(Extracted entries Opens)

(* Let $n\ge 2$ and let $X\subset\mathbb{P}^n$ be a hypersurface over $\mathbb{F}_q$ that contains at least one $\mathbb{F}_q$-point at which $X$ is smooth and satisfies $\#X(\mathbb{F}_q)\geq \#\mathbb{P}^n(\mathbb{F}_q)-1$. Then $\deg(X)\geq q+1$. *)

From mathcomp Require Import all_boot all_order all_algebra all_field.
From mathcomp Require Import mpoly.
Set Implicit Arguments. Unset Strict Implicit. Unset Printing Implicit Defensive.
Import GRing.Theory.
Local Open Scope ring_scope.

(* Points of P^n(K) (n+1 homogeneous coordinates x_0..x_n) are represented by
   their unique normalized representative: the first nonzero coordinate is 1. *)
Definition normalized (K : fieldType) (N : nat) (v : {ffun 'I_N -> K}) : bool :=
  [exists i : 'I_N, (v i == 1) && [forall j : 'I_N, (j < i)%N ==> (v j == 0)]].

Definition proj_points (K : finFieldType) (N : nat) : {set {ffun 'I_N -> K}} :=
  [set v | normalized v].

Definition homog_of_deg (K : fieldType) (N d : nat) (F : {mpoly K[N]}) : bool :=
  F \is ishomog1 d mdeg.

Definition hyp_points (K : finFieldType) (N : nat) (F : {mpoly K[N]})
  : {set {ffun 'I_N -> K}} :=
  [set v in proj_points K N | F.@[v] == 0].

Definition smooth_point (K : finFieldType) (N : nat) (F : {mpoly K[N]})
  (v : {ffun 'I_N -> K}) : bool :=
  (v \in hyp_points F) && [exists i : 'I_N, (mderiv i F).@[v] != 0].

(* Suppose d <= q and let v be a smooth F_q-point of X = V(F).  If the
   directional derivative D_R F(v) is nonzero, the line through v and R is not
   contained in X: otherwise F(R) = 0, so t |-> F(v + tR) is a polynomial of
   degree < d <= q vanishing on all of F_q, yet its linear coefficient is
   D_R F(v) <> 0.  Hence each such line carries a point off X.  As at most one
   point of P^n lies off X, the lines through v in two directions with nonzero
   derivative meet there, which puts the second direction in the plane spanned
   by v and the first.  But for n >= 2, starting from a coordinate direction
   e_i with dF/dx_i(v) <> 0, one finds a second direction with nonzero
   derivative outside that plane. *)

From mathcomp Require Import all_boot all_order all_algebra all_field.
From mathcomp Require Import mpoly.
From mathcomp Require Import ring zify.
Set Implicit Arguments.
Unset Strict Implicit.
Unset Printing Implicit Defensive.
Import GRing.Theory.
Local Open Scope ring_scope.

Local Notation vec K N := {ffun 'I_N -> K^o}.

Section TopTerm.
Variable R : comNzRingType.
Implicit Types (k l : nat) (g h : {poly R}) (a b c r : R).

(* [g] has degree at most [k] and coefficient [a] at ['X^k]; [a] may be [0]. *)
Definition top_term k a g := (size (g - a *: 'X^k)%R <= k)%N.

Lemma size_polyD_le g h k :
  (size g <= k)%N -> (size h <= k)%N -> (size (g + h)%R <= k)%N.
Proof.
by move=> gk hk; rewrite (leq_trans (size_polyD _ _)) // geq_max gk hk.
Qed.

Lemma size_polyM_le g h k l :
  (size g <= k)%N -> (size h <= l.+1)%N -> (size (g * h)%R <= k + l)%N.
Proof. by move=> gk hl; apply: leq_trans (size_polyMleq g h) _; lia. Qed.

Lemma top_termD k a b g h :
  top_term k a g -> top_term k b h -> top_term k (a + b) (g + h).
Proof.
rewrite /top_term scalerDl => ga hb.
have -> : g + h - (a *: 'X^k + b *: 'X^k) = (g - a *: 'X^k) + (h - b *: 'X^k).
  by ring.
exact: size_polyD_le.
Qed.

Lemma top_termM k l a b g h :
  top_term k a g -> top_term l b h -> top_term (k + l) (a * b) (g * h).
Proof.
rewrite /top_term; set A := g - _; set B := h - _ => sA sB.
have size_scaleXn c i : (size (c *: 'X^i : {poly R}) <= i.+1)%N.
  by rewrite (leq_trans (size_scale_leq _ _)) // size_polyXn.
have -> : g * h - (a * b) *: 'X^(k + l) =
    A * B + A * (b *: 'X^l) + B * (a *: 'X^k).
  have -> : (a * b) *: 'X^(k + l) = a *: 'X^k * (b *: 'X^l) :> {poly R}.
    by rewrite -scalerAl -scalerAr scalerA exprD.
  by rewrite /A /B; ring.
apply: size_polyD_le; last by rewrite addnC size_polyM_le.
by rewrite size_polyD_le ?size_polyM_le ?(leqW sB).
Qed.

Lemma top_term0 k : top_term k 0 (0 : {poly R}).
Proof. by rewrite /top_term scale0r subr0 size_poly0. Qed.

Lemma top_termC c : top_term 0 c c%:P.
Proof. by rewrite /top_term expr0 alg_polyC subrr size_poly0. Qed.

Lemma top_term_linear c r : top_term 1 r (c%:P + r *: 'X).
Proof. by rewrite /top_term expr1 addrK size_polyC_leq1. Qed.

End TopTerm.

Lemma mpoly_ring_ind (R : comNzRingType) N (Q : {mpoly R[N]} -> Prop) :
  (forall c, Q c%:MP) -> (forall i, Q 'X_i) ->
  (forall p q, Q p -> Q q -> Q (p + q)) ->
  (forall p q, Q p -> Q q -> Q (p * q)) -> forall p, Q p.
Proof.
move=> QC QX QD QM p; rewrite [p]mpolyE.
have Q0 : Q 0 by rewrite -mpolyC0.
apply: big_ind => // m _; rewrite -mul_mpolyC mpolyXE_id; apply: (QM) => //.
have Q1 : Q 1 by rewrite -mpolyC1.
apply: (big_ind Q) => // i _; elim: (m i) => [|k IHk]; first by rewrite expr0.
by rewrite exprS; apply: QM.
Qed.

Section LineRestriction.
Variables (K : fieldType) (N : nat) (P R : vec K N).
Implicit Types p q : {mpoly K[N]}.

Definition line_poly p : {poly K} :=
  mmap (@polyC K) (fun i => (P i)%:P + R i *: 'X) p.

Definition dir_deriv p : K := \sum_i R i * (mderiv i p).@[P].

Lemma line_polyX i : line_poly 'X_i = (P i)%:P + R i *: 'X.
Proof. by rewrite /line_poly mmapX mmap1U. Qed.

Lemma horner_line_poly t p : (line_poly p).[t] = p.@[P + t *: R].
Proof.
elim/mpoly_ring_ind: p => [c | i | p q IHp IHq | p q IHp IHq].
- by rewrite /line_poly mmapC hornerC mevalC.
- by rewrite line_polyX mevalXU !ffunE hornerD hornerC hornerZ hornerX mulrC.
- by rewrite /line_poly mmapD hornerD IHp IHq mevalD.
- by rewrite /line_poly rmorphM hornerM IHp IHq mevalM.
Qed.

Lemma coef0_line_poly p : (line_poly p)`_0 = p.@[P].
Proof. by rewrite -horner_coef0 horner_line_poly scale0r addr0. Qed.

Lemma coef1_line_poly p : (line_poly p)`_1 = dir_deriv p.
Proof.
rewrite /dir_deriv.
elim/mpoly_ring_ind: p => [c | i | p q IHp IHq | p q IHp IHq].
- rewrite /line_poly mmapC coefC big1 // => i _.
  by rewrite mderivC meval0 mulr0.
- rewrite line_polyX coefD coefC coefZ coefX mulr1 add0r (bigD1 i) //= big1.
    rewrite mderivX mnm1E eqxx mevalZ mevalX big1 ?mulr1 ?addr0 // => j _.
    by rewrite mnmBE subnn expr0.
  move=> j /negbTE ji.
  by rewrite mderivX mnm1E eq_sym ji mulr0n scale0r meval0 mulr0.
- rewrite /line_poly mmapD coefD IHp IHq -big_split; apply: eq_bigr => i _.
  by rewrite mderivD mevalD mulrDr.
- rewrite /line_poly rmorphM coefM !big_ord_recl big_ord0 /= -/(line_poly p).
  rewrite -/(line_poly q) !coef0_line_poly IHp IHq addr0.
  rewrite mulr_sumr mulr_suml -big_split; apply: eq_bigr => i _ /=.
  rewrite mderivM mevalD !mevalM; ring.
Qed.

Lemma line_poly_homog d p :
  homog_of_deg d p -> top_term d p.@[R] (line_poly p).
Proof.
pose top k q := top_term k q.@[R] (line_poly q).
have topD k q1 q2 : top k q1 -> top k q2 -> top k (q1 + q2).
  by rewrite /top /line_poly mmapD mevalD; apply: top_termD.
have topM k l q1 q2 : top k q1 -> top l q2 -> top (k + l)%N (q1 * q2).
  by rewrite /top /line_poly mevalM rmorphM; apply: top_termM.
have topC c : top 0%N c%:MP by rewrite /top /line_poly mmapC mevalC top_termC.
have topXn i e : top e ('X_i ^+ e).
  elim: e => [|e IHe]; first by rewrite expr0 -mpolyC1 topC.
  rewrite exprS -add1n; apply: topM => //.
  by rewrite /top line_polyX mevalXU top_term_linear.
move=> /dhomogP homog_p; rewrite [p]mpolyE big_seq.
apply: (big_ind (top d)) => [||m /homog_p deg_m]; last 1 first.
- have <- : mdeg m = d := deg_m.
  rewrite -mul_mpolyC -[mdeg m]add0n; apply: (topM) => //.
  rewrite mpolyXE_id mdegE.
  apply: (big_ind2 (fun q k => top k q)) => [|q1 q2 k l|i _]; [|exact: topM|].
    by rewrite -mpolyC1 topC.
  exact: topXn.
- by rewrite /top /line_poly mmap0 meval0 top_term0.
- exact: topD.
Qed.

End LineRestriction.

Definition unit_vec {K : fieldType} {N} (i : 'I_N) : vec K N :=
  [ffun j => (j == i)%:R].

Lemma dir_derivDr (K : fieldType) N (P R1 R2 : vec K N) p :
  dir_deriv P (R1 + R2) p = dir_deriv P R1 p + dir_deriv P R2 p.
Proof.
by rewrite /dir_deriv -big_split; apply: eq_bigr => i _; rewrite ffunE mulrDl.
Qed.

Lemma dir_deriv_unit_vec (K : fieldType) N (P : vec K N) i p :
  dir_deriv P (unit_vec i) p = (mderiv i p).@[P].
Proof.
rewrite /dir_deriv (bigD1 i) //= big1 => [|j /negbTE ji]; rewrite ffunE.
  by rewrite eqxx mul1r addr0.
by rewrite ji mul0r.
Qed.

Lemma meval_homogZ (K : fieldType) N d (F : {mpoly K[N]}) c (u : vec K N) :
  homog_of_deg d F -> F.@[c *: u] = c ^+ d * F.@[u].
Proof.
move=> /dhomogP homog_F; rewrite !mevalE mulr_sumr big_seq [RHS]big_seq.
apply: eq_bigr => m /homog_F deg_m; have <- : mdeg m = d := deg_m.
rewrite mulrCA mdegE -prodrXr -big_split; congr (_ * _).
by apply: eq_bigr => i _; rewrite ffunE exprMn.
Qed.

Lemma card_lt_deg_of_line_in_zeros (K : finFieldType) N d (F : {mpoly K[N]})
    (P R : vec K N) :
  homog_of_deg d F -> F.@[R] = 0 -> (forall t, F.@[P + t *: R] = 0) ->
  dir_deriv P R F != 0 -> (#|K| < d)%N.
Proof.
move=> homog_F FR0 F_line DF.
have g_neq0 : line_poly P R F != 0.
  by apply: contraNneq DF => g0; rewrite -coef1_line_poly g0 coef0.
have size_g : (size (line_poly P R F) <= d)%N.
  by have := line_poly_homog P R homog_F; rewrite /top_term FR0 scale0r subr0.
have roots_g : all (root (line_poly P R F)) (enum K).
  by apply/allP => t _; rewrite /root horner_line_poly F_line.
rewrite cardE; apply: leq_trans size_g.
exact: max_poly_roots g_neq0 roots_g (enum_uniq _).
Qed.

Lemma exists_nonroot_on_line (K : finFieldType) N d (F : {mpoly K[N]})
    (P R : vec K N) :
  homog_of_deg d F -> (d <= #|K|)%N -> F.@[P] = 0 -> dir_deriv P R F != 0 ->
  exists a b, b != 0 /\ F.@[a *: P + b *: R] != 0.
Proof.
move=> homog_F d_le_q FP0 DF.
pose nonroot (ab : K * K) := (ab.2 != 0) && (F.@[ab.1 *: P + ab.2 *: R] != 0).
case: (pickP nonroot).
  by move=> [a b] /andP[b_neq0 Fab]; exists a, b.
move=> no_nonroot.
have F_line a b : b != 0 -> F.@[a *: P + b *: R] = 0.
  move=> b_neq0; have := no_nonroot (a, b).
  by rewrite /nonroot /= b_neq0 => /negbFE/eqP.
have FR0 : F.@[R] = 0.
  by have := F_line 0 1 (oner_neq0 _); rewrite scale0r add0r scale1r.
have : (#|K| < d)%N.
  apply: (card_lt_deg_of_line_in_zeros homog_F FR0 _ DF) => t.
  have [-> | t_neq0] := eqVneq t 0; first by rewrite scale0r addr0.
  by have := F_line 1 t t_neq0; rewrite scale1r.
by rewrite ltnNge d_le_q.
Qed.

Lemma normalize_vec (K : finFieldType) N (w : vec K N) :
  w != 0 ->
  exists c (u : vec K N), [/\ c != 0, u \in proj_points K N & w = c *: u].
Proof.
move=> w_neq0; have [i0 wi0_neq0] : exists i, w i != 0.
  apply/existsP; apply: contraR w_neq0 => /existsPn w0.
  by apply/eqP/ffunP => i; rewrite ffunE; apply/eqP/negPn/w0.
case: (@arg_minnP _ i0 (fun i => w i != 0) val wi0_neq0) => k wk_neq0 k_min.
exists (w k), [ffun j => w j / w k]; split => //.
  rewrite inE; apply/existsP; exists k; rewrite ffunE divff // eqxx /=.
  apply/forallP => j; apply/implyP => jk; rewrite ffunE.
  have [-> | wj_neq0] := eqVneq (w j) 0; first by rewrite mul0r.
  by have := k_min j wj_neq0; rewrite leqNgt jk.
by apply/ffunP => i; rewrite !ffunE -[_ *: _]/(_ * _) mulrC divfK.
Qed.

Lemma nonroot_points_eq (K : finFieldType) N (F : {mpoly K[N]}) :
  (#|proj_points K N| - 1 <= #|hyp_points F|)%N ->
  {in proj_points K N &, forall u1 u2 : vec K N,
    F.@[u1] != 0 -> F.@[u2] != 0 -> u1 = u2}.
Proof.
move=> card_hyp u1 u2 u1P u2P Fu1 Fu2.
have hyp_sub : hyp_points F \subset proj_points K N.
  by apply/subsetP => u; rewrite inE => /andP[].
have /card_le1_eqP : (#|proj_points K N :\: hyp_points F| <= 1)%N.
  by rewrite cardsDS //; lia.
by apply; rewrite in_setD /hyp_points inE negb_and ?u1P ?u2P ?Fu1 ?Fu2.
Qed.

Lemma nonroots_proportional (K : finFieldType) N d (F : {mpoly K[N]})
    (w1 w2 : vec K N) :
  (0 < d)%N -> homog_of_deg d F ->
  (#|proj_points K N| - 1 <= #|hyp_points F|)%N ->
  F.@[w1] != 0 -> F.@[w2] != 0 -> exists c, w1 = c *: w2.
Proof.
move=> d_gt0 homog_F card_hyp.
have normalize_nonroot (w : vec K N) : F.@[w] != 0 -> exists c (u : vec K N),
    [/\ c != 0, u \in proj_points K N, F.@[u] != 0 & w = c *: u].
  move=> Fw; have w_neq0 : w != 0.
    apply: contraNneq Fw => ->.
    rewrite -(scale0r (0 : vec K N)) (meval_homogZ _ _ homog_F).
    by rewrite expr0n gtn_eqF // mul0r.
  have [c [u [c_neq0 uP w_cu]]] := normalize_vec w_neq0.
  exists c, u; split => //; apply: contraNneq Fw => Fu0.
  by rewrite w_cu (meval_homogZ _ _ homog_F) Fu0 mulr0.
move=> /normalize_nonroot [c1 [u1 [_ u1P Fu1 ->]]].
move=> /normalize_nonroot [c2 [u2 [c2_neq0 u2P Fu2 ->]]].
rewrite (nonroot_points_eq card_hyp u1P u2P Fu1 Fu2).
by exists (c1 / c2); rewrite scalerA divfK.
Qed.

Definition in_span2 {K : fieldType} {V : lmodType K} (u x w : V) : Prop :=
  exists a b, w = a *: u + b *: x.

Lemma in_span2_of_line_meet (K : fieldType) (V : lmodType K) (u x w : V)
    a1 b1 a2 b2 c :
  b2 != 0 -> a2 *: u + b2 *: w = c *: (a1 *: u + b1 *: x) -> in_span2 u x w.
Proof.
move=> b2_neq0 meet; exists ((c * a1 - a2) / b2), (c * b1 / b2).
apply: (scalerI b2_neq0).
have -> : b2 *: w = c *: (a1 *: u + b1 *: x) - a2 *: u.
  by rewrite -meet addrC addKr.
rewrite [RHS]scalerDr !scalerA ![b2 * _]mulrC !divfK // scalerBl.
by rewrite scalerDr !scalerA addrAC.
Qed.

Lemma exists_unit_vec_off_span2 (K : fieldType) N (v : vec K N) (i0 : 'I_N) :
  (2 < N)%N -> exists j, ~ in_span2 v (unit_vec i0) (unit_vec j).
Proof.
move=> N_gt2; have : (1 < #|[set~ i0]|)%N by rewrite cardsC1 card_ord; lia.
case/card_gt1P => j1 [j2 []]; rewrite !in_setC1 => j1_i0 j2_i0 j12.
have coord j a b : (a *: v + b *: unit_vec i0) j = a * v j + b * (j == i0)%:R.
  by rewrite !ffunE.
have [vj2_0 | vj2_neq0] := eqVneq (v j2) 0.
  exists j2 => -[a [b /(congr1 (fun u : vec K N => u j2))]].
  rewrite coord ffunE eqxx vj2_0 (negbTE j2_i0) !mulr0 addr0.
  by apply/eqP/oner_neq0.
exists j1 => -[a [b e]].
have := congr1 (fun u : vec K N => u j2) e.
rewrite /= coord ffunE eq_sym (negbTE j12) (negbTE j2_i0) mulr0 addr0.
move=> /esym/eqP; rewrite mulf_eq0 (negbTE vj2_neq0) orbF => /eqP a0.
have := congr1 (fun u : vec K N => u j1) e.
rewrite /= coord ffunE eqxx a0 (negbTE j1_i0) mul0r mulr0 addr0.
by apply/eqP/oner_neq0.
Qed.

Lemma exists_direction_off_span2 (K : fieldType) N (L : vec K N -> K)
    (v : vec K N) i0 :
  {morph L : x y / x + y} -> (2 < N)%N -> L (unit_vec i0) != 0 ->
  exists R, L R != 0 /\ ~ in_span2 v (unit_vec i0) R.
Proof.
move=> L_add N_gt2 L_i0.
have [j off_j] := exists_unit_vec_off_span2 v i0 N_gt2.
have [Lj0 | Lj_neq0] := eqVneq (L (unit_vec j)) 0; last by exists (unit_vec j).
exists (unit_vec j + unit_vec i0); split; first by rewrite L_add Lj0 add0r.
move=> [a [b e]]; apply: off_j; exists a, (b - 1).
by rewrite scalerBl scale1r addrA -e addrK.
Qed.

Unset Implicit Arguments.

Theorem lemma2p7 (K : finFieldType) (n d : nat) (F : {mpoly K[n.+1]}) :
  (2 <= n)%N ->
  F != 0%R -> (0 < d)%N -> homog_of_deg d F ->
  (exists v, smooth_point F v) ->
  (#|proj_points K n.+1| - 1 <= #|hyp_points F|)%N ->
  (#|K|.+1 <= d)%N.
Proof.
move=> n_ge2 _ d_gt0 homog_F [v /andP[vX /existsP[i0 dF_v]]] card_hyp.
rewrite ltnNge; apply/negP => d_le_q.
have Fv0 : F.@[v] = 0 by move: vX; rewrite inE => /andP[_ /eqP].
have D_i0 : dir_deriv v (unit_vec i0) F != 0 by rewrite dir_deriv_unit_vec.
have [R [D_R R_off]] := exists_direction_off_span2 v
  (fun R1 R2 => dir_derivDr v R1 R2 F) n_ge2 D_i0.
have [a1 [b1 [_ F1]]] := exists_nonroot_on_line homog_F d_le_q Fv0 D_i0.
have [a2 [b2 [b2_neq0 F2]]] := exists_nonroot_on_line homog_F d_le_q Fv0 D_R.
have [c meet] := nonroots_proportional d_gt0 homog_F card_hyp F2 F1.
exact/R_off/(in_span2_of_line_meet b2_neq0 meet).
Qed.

(Extracted entries Closes)

● Task statement:
Above are the records; report each line in them that includes the word "lmodType".

● Answer box:
Definition in_span2 {K : fieldType} {V : lmodType K} (u x w : V) : Prop :=
Lemma in_span2_of_line_meet (K : fieldType) (V : lmodType K) (u x w : V)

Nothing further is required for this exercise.